= What to do =
From the data below, return each line in which the string "child" is found.
══ Extracted material
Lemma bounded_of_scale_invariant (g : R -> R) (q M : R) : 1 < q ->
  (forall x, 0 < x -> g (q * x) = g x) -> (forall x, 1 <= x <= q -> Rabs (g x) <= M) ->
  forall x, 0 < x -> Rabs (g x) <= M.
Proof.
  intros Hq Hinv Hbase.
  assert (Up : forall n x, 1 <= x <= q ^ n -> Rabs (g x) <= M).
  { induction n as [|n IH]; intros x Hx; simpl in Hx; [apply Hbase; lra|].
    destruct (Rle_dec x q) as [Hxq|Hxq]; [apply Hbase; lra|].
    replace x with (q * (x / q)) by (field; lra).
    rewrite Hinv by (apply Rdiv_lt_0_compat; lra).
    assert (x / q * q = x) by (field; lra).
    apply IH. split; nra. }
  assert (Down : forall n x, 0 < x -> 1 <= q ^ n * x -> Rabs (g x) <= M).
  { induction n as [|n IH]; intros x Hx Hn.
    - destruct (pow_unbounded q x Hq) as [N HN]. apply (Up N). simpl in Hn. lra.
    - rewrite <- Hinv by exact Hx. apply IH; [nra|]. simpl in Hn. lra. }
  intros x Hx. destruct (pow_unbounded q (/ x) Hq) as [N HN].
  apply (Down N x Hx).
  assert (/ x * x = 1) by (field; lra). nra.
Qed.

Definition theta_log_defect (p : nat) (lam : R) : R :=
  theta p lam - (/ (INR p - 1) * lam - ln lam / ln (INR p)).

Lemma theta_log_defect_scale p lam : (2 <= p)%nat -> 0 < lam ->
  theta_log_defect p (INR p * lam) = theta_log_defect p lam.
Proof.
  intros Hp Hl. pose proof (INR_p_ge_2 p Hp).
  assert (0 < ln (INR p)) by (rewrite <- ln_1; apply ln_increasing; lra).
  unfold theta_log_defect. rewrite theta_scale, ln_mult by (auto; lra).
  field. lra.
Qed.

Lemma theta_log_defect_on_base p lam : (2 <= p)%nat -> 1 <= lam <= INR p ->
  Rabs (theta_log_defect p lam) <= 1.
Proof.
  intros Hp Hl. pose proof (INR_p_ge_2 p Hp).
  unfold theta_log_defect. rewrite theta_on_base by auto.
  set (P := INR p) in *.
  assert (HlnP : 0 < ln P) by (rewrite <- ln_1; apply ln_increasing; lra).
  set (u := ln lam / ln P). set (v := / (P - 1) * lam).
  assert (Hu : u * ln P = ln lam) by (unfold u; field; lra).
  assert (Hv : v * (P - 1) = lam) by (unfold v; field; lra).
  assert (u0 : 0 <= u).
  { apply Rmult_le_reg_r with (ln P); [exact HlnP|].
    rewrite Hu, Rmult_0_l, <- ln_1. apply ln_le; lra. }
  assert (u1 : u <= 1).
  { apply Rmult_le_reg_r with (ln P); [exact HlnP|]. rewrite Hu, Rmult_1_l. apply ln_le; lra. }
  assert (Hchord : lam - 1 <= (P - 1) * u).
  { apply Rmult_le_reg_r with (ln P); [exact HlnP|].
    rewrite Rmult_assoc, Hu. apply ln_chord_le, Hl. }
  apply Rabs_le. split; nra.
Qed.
════
══ Extracted material
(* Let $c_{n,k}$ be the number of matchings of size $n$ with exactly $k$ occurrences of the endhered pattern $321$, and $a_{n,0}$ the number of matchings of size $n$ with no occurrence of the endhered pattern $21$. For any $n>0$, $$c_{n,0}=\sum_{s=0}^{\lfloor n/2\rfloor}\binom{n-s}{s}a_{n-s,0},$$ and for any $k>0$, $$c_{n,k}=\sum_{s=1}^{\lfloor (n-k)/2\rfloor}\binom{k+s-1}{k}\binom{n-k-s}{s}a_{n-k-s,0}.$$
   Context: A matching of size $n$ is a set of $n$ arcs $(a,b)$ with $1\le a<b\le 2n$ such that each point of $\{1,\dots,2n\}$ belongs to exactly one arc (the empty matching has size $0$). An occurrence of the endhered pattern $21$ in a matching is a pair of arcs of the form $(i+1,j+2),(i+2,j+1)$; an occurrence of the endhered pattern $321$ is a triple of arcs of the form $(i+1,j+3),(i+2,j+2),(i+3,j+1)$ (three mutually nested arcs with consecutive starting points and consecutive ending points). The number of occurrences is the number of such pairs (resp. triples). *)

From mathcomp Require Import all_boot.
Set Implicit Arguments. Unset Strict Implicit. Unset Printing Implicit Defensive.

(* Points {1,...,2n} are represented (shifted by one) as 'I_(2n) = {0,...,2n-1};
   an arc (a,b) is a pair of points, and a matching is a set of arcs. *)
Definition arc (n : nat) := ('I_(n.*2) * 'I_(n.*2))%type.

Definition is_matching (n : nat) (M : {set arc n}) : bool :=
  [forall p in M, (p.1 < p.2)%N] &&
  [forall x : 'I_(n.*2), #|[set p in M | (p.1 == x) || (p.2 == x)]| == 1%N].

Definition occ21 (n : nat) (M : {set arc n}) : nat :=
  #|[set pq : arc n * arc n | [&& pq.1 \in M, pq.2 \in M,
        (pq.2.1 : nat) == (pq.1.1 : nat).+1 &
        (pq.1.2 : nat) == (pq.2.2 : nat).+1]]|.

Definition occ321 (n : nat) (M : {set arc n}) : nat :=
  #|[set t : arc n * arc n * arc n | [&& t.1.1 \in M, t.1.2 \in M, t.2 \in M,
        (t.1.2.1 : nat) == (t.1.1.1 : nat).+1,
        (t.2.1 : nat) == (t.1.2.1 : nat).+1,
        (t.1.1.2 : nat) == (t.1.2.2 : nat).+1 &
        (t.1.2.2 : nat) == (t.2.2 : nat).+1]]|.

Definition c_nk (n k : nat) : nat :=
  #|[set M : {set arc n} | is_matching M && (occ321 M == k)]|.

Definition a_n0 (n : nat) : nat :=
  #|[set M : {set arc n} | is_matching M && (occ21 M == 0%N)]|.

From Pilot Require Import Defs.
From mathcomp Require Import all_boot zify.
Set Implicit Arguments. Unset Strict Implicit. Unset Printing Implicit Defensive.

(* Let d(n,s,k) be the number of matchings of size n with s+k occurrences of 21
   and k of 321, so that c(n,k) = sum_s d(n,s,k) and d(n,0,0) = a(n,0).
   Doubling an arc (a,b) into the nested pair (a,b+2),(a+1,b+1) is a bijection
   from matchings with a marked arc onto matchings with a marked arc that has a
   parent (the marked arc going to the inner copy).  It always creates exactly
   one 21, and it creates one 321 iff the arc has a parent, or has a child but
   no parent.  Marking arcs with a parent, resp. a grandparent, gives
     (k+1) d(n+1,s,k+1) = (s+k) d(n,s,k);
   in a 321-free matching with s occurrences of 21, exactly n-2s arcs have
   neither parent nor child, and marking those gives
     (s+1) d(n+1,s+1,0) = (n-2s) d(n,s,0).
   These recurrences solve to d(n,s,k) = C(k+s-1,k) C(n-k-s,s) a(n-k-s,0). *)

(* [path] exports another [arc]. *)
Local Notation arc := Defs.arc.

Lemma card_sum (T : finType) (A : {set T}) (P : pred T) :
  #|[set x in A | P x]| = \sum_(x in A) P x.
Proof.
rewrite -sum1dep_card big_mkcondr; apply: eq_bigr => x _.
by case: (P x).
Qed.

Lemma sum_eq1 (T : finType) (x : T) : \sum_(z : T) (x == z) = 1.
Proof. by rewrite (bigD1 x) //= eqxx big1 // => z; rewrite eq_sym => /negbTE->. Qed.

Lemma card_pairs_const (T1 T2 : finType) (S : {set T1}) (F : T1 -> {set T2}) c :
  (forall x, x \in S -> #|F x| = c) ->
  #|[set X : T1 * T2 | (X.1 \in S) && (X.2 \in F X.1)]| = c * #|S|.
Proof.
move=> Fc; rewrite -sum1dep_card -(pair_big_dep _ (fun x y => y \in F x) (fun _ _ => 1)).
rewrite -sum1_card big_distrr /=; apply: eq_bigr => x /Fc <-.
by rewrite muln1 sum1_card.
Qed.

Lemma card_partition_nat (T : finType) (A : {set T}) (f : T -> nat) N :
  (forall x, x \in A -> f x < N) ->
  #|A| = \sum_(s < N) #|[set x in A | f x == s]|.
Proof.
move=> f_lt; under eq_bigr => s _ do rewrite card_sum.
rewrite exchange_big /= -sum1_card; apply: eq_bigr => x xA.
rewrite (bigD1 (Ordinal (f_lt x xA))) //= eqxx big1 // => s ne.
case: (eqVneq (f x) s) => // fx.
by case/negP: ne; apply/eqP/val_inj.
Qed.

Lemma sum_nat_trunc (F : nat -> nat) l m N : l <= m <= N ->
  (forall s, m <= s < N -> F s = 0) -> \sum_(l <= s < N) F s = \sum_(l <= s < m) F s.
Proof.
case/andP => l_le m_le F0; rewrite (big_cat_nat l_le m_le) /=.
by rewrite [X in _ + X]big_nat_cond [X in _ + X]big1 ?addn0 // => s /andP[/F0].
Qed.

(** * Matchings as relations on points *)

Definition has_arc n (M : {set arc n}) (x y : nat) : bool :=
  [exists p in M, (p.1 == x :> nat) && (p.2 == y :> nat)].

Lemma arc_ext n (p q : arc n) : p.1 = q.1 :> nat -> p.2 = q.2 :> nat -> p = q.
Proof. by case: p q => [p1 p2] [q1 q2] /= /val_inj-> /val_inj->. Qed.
════
= Output for this task =
   one 21, and it creates one 321 iff the arc has a parent, or has a child but
   neither parent nor child, and marking those gives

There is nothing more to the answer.